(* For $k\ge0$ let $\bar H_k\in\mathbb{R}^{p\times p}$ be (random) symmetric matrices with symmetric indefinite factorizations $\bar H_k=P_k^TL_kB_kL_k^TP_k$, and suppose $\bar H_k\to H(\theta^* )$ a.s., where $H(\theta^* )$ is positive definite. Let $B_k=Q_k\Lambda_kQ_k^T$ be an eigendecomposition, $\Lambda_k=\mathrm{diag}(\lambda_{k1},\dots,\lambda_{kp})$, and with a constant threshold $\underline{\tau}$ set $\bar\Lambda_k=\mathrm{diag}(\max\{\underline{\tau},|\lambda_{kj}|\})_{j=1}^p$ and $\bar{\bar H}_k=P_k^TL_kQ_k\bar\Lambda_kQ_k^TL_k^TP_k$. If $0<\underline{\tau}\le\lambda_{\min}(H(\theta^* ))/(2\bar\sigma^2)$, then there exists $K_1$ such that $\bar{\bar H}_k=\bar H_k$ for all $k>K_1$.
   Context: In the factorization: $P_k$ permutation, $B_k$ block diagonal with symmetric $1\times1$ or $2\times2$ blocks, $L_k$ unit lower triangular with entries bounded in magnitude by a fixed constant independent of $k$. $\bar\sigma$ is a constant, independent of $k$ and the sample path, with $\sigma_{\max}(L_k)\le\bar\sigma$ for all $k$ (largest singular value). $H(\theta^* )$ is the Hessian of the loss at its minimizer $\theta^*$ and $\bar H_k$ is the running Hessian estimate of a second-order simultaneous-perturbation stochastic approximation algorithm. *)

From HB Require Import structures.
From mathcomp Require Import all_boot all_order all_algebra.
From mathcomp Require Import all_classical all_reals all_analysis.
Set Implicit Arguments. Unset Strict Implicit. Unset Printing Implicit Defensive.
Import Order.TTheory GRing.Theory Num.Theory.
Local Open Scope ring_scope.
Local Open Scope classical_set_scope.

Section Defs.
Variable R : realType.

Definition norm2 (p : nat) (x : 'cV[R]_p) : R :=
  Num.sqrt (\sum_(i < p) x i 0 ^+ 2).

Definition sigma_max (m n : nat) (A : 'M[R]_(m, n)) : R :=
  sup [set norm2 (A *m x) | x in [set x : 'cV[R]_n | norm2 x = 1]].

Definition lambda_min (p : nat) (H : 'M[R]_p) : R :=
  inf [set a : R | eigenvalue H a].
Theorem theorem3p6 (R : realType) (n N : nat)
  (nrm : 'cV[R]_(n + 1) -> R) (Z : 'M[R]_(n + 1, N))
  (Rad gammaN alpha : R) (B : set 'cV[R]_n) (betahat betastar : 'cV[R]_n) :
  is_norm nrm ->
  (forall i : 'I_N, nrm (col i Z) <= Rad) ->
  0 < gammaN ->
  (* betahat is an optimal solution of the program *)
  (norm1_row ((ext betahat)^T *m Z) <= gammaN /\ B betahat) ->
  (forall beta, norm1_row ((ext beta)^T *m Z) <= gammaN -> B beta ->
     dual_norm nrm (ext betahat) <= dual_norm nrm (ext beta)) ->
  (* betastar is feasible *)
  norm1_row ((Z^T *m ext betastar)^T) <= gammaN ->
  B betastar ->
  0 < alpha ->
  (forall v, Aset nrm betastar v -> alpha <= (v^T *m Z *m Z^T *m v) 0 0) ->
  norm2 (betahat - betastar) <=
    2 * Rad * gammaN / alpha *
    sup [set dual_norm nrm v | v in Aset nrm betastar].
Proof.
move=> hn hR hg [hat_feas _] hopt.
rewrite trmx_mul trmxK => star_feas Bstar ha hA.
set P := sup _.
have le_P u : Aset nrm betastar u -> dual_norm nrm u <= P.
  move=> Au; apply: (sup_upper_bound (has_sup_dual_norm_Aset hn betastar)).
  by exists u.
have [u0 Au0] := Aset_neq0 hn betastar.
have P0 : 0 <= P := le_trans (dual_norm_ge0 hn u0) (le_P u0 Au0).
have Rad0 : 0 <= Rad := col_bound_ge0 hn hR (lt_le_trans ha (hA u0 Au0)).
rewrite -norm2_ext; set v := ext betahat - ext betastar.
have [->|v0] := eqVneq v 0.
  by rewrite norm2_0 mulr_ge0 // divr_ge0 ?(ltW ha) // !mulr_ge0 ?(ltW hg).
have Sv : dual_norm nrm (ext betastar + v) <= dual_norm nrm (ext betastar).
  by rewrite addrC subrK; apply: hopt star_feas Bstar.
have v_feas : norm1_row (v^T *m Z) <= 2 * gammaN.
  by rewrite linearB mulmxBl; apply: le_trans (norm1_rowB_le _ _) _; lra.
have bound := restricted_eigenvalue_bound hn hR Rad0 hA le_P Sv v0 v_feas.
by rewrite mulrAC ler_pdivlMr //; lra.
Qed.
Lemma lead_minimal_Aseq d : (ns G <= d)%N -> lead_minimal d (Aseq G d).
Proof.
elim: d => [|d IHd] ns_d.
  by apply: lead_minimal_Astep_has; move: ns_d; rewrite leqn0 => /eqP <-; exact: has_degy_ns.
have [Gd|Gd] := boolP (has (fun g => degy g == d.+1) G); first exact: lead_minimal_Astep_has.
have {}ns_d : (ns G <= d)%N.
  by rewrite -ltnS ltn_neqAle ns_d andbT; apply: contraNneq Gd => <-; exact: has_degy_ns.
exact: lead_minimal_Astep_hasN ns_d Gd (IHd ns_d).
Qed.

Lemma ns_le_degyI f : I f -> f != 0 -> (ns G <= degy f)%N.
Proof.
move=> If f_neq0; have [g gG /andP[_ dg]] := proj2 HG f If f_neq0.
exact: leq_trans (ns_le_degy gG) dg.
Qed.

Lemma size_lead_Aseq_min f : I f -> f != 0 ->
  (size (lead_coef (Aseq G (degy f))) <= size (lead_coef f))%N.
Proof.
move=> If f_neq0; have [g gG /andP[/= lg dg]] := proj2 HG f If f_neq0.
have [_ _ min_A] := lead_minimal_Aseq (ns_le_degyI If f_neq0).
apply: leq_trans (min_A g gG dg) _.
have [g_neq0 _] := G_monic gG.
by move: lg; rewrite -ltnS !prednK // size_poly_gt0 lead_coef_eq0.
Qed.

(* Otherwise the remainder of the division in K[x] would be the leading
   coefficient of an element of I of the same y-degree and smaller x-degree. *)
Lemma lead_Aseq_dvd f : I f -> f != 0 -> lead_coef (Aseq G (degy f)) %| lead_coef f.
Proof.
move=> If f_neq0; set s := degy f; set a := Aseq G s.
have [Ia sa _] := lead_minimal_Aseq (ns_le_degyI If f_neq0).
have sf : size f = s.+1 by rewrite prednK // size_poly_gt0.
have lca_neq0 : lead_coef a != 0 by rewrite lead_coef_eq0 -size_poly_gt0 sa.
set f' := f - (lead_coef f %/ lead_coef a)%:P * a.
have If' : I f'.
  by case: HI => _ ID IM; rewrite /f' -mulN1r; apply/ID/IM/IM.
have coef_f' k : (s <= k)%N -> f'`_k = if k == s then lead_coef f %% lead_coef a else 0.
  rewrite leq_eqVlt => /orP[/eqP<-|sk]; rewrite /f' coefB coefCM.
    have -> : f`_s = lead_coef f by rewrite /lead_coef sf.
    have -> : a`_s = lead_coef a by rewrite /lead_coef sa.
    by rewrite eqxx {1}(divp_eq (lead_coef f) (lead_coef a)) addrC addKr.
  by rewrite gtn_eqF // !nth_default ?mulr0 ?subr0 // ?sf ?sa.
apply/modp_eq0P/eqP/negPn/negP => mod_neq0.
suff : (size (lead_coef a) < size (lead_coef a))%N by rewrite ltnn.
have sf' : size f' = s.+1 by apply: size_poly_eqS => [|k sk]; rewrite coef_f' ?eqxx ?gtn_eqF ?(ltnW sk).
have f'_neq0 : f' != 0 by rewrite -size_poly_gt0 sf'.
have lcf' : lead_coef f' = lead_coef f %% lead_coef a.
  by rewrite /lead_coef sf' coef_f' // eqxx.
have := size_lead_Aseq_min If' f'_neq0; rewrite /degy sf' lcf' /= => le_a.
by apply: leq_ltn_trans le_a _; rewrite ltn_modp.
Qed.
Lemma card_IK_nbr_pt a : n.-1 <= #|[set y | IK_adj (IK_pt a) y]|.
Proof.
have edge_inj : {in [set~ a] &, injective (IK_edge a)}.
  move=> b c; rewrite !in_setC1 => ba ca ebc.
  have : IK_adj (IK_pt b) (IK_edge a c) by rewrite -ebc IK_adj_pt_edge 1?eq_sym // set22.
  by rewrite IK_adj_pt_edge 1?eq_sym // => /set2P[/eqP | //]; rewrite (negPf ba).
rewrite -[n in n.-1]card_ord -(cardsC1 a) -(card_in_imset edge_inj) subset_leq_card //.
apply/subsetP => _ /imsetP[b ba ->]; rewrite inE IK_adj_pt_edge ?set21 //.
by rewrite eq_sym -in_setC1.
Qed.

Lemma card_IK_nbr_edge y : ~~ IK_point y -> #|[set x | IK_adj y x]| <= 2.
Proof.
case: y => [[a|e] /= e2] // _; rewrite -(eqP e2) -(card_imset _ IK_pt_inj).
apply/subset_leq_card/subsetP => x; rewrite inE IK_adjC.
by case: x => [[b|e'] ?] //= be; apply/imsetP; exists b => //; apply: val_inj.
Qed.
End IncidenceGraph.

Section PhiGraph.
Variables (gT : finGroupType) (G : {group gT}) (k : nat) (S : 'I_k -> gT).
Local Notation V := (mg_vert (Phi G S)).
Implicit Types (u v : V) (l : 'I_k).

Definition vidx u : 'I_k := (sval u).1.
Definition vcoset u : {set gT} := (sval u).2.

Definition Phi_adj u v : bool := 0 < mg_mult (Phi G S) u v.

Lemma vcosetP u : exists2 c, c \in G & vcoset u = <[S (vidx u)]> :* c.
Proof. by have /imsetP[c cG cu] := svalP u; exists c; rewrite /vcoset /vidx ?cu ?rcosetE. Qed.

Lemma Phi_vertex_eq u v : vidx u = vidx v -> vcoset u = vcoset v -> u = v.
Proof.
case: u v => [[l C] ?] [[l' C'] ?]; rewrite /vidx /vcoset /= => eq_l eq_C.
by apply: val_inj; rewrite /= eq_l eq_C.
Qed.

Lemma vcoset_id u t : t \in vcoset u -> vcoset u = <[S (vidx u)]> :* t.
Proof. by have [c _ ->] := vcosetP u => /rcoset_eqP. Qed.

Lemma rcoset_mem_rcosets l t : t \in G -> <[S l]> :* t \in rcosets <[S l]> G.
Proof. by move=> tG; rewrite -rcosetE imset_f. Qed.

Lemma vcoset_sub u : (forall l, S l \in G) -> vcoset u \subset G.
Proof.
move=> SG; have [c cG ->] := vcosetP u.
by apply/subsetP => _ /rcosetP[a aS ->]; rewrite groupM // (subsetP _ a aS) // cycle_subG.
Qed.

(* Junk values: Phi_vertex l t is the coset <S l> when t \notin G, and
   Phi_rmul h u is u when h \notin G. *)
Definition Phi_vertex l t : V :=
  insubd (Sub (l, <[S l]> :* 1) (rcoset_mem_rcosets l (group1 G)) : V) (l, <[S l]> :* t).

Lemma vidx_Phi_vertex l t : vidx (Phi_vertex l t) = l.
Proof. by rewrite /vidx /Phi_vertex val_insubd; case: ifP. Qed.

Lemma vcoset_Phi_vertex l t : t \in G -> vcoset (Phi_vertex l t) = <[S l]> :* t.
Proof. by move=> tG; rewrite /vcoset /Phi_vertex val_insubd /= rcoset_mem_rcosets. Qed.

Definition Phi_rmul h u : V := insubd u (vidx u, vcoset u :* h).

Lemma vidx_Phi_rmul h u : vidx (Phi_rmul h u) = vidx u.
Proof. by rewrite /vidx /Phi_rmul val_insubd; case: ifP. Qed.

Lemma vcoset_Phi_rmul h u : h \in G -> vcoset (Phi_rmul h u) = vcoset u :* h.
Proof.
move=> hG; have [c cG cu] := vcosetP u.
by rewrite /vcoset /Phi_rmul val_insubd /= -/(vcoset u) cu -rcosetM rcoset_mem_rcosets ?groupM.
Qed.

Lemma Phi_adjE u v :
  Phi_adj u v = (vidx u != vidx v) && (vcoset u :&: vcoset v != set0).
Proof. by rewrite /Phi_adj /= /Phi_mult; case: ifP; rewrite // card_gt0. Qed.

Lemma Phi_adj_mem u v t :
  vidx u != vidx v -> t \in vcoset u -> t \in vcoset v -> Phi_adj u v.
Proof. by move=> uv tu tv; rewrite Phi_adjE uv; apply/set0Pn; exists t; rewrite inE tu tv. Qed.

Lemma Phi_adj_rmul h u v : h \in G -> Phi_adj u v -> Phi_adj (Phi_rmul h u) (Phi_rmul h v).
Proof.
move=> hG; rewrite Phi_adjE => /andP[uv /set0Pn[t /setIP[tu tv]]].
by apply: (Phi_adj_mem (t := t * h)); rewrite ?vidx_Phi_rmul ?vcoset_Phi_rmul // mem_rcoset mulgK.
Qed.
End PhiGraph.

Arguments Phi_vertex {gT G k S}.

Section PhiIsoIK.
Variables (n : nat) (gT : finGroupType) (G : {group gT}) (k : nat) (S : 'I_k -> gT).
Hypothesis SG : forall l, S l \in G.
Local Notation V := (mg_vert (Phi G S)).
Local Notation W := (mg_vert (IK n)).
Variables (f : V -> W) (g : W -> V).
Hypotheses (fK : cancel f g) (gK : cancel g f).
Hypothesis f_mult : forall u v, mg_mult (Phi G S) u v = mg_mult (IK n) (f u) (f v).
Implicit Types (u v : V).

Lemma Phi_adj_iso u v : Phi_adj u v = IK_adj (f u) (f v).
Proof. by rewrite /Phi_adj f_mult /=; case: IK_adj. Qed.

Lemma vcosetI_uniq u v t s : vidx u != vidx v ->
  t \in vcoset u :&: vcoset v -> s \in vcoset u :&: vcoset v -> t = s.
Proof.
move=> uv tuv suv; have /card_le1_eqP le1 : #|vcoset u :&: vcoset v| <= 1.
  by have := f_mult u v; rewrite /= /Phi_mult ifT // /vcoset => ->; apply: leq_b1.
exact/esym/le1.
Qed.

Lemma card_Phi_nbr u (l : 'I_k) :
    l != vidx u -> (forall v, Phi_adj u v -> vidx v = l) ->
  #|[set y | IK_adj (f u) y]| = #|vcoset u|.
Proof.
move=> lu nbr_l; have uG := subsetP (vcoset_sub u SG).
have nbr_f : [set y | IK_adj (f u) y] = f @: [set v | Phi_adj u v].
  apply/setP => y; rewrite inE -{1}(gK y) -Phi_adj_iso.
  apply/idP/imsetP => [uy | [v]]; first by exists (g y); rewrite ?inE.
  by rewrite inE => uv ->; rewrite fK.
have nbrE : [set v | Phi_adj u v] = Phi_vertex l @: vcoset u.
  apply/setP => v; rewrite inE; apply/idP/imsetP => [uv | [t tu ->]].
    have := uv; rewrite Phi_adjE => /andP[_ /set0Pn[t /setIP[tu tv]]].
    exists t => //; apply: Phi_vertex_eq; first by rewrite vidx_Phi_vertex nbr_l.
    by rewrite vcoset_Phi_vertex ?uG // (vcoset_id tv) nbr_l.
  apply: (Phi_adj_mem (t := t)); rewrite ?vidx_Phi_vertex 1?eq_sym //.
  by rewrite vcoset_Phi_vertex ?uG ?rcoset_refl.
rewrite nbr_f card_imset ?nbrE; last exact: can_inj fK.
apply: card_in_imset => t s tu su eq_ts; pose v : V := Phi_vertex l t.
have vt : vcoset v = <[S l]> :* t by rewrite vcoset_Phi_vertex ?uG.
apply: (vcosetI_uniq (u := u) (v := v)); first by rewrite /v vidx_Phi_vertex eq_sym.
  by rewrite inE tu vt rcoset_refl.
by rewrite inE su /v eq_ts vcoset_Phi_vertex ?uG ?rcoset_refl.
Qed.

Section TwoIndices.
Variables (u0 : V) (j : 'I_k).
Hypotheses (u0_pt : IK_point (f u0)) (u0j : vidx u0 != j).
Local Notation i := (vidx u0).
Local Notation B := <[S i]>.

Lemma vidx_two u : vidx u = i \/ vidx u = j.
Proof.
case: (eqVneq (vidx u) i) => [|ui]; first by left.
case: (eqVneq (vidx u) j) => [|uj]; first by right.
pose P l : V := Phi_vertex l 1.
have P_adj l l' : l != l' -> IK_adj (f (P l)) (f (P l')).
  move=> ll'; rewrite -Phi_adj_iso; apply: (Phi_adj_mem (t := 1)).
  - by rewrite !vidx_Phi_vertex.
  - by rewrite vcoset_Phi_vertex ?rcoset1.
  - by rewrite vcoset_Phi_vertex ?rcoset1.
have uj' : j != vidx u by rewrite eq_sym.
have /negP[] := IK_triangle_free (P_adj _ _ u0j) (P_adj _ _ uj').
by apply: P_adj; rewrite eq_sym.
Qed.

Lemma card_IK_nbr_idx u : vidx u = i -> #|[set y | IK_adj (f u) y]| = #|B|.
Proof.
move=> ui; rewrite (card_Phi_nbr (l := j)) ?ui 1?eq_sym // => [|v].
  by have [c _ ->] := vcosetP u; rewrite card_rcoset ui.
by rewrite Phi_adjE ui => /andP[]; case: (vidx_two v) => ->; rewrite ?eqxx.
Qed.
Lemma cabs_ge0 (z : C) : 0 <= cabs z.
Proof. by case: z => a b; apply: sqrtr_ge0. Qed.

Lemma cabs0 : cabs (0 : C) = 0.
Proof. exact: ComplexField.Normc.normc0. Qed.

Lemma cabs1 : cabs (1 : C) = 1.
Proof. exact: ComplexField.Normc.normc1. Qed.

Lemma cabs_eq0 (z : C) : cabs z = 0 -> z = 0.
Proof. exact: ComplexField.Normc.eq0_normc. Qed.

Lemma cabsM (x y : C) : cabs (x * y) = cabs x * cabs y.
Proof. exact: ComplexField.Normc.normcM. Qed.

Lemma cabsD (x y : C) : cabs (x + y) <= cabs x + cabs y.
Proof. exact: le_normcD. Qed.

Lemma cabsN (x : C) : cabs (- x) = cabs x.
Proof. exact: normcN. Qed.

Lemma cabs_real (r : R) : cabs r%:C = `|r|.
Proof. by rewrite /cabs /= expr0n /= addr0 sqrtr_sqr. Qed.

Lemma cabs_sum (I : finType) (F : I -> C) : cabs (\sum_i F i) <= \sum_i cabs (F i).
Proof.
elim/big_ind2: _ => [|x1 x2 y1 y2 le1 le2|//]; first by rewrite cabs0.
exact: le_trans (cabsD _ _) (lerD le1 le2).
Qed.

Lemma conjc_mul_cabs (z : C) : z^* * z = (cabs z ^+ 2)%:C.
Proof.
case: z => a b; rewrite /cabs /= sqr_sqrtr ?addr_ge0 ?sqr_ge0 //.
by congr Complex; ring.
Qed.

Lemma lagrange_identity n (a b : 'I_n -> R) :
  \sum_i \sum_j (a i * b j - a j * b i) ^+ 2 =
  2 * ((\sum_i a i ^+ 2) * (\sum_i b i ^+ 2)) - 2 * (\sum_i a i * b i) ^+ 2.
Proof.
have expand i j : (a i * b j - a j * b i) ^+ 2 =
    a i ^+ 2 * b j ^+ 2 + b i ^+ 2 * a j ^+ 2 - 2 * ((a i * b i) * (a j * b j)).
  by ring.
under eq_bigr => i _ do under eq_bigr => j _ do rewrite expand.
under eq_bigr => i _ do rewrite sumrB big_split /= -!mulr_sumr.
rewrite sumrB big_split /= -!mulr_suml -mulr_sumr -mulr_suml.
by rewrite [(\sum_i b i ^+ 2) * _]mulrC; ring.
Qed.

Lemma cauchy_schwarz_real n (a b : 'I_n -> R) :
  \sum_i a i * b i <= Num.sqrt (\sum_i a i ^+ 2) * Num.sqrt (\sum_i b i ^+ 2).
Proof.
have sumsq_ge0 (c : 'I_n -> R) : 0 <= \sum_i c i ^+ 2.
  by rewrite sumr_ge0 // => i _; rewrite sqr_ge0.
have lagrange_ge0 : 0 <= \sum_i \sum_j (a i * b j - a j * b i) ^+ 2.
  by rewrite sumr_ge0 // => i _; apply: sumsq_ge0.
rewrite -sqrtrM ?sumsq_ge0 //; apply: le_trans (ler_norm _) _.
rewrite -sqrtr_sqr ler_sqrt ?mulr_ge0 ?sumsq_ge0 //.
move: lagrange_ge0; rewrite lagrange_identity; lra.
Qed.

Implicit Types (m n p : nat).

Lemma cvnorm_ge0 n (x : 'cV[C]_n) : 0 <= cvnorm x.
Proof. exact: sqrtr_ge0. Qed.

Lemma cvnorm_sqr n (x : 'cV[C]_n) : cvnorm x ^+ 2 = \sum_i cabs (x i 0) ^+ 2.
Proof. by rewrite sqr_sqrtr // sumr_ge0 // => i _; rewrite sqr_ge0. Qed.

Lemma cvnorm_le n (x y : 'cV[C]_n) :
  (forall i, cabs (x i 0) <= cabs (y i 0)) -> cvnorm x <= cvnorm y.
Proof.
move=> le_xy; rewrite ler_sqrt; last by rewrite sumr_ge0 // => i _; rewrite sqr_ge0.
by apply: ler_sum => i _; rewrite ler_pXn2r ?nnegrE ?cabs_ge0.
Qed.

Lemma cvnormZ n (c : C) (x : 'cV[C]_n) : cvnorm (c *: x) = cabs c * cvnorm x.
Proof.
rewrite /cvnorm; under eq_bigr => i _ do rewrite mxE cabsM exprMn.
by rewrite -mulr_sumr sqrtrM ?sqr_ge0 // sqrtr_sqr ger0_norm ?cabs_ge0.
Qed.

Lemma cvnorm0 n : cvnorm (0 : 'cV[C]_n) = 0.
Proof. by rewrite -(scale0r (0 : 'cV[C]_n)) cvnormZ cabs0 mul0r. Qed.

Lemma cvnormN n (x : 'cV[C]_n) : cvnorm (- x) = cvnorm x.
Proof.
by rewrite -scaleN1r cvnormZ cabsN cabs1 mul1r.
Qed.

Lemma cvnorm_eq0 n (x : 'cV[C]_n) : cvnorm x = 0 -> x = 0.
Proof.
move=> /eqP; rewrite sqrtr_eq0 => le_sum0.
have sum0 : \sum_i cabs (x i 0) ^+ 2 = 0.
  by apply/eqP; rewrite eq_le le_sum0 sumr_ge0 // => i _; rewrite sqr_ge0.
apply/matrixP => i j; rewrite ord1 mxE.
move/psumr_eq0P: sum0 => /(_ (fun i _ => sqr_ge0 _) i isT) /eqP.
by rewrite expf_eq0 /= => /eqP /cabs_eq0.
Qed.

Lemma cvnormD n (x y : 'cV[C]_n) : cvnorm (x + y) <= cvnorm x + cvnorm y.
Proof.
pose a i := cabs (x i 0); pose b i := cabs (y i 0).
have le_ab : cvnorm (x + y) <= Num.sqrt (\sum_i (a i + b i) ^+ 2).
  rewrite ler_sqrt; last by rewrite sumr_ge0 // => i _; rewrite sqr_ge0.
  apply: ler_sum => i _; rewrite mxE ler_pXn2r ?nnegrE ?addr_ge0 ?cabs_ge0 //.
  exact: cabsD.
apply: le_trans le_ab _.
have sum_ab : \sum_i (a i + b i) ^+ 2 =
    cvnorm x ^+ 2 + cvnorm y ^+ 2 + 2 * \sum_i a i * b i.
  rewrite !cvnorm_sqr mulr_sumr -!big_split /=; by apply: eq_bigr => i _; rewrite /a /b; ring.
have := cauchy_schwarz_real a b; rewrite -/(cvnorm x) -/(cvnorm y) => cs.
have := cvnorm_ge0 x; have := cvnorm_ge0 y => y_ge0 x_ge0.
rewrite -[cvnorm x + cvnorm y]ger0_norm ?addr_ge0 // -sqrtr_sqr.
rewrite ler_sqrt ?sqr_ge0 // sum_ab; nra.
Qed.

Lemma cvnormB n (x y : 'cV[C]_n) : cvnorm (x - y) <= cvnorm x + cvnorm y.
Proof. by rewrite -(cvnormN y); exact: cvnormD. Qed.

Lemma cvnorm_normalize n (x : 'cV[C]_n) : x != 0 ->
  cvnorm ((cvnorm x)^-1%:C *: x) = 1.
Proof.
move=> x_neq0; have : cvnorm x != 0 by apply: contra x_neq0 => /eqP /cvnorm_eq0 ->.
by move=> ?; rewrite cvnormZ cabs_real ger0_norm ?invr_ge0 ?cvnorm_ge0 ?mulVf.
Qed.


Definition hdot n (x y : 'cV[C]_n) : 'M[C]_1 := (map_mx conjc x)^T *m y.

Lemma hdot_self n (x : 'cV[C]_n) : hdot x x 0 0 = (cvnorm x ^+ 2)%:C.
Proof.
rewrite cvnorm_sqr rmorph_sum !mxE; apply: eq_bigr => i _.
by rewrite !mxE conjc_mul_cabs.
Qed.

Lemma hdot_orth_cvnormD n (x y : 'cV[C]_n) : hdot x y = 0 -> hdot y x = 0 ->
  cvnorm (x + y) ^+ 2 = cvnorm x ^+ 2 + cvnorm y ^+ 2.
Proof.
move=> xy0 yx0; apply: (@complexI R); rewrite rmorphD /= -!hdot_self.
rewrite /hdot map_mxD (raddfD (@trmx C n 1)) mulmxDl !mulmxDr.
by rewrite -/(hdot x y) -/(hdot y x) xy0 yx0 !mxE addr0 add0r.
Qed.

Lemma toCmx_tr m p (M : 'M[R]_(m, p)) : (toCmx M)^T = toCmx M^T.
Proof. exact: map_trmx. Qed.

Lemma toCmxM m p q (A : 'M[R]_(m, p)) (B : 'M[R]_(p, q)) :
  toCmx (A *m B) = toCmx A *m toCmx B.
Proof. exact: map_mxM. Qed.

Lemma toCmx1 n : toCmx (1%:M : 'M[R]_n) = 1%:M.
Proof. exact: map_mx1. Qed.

++++

Count the lines in these records that hold the string "elim". Only the number is wanted.

SOLVED EXERCISE:
2